TASK PROMPT >>
After reading the entries below, copy word for word the lines from the first through the line containing "have phi_diff := continuous_partials_differentiable", and stop there.

DATASET Block Start

Theorem lemma11 (R : realType) (d D : nat) (hd : (0 < d)%N)
  (phi : 'rV[R]_d -> 'rV[R]_d) (hphi : C2_diffeo phi) (x1 y1 : 'rV[R]_d) :
  [/\ uniq (orbit_seq phi (D - 1) x1 ++ orbit_seq phi (D - 1) y1) ->
        row_free (col_mx (Vmat D phi x1) (Vmat D phi y1)),
      forall (k : nat) (hk : (k <= D - 1)%N),
        uniq (orbit_seq phi (D - 1) x1 ++ orbit_seq phi k y1) ->
        row_free (col_mx (Vmat D phi x1) (mfirst phi hk y1))
    & forall Dp : nat, (Dp <= 2 * D)%N ->
        uniq (orbit_seq phi (Dp - 1) x1) ->
        row_free (Gmat D phi (Dp - 1) x1)].
Proof.
have [_ [_ _ [phi_partial partial_cont _ _] _]] := hphi.
have phi_diff := continuous_partials_differentiable phi_partial partial_cont.
have unitri n z := @Gmat_lower_unitri _ _ D hd _ phi_diff z n.
split => [orbits_uniq | k hk orbits_uniq | Dp Dp_small orbit_uniq].
- apply: row_free_lower_unitri (lower_unitri_col_mx (unitri _ x1) (unitri _ y1)) _.
  by apply: row_free_orbit_rows_col_mx orbits_uniq; lia.
- have prefix_rows : \matrix_(i < k) row (widen_ord hk i) (\matrix_(l < D - 1) monomial_row D (iter l phi y1))
      = \matrix_(l < k) monomial_row D (iter l phi y1).
    by apply/matrixP => i c; rewrite !mxE.
  have := lower_unitri_col_mx (unitri (D - 1)%N x1) (lower_unitri_prefix hk (unitri _ y1)).
  rewrite prefix_rows => /row_free_lower_unitri; apply.
  by apply: row_free_orbit_rows_col_mx orbits_uniq; lia.
- apply: row_free_lower_unitri (unitri _ x1) _.
  by apply: row_free_orbit_rows orbit_uniq; lia.
Qed.
Lemma ip_delta_h_le beta gamma Dp Dm a b N v :
  1 < beta < 2 -> a < b -> 0 <= Dp -> 0 <= Dm -> (5 <= N)%nat -> in_Vh N v ->
  ip a b N (delta_h beta gamma Dp Dm a b N v) v
  <= (Dp + Dm) * (sum_f_R0 (omega beta) N / Rpower (meshsize a b N) beta) * ip a b N v v.
Proof.
  intros Hbeta Hab HDp HDm HN Hv.
  pose proof (omega_0_add_omega_2_nonneg beta Hbeta) as H02.
  pose proof (omega_nonneg beta Hbeta) as Hpos.
  destruct Hv as [H0 HvN].
  assert (Hl : left_form (omega beta) N v <= sum_f_R0 (omega beta) N * sumsq N v)
    by (apply left_form_le; auto; lia).
  assert (Hr : right_form (omega beta) N v <= sum_f_R0 (omega beta) N * sumsq N v)
    by (apply right_form_le; auto; lia).
  rewrite ip_delta_h_eq by (try split; auto; lia).
  set (h := meshsize a b N).
  assert (Hh : 0 < h) by (apply Rdiv_lt_0_compat; [lra | apply lt_0_INR; lia]).
  assert (HP : 0 < Rpower h beta) by apply exp_pos.
  change (ip a b N v v) with (h * sumsq N v).
  replace ((Dp + Dm) * (sum_f_R0 (omega beta) N / Rpower h beta) * (h * sumsq N v))
    with (h / Rpower h beta * (Dp * (sum_f_R0 (omega beta) N * sumsq N v)
                               + Dm * (sum_f_R0 (omega beta) N * sumsq N v)))
    by (field; lra).
  apply Rmult_le_compat_l; [apply Rdiv_nonneg; lra|].
  apply Rplus_le_compat; apply Rmult_le_compat_l; auto.
Qed.

Lemma Rpower_meshsize a b N beta : a < b -> (0 < N)%nat ->
  Rpower (meshsize a b N) beta * Rpower (INR N) beta = Rpower (b - a) beta.
Proof.
  intros Hab HN. assert (0 < INR N) by (apply lt_0_INR; lia).
  rewrite Rpower_mult_distr by (try apply Rdiv_lt_0_compat; lra).
  f_equal. unfold meshsize. field. lra.
Qed.

Lemma sum_omega_div_Rpower_meshsize_le beta a b N : 1 < beta < 2 -> a < b -> (5 <= N)%nat ->
  sum_f_R0 (omega beta) N / Rpower (meshsize a b N) beta <= - decay_const beta / Rpower (b - a) beta.
Proof.
  intros Hbeta Hab HN.
  rewrite <- (Rpower_meshsize a b N beta) by (auto; lia).
  assert (HP : 0 < Rpower (meshsize a b N) beta) by apply exp_pos.
  assert (HQ : 0 < Rpower (INR N) beta) by apply exp_pos.
  replace (sum_f_R0 (omega beta) N / Rpower (meshsize a b N) beta)
    with (sum_f_R0 (omega beta) N * Rpower (INR N) beta
          / (Rpower (meshsize a b N) beta * Rpower (INR N) beta)) by (field; lra).
  apply Rmult_le_compat_r; [left; apply Rinv_0_lt_compat, Rmult_lt_0_compat; auto|].
  apply sum_omega_Rpower_le; auto.
Qed.

Theorem theorem1 :
  forall (a b beta gamma Dp Dm : R),
    a < b -> 1 < beta < 2 -> 0 <= Dp -> 0 <= Dm -> 0 < Dp + Dm ->
    exists c : R, 0 < c /\
      forall (N : nat) (v : nat -> R),
        (5 <= N)%nat -> in_Vh N v ->
        ip a b N (delta_h beta gamma Dp Dm a b N v) v
          <= - c * ln 2 * (norm_h a b N v) ^ 2.
Proof.
  intros a b beta gamma Dp Dm Hab Hbeta HDp HDm HD.
  set (K := Rpower (b - a) beta).
  assert (HK : 0 < K) by apply exp_pos.
  assert (Hln2 : 0 < ln 2) by (pose proof ln_lt_2; lra).
  pose proof (decay_const_pos beta Hbeta) as Hkappa.
  exists ((Dp + Dm) * decay_const beta / (K * ln 2)). split.
  { apply Rdiv_lt_0_compat; apply Rmult_lt_0_compat; lra. }
  intros N v HN Hv.
  assert (Hvv : 0 <= ip a b N v v).
  { apply Rmult_le_pos.
    - left; apply Rdiv_lt_0_compat; [lra | apply lt_0_INR; lia].
    - apply cond_pos_sum; intros; apply Rle_0_sqr. }
  unfold norm_h. rewrite pow2_sqrt by exact Hvv.
  eapply Rle_trans; [apply ip_delta_h_le; auto|].
  replace (- ((Dp + Dm) * decay_const beta / (K * ln 2)) * ln 2 * ip a b N v v)
    with ((Dp + Dm) * (- decay_const beta / K) * ip a b N v v) by (field; lra).
  apply Rmult_le_compat_r; [exact Hvv|]. apply Rmult_le_compat_l; [lra|].
  apply sum_omega_div_Rpower_meshsize_le; auto.
Qed.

DATASET Block End

ANSWER SPACE >>
Theorem lemma11 (R : realType) (d D : nat) (hd : (0 < d)%N)
  (phi : 'rV[R]_d -> 'rV[R]_d) (hphi : C2_diffeo phi) (x1 y1 : 'rV[R]_d) :
  [/\ uniq (orbit_seq phi (D - 1) x1 ++ orbit_seq phi (D - 1) y1) ->
        row_free (col_mx (Vmat D phi x1) (Vmat D phi y1)),
      forall (k : nat) (hk : (k <= D - 1)%N),
        uniq (orbit_seq phi (D - 1) x1 ++ orbit_seq phi k y1) ->
        row_free (col_mx (Vmat D phi x1) (mfirst phi hk y1))
    & forall Dp : nat, (Dp <= 2 * D)%N ->
        uniq (orbit_seq phi (Dp - 1) x1) ->
        row_free (Gmat D phi (Dp - 1) x1)].
Proof.
have [_ [_ _ [phi_partial partial_cont _ _] _]] := hphi.
have phi_diff := continuous_partials_differentiable phi_partial partial_cont.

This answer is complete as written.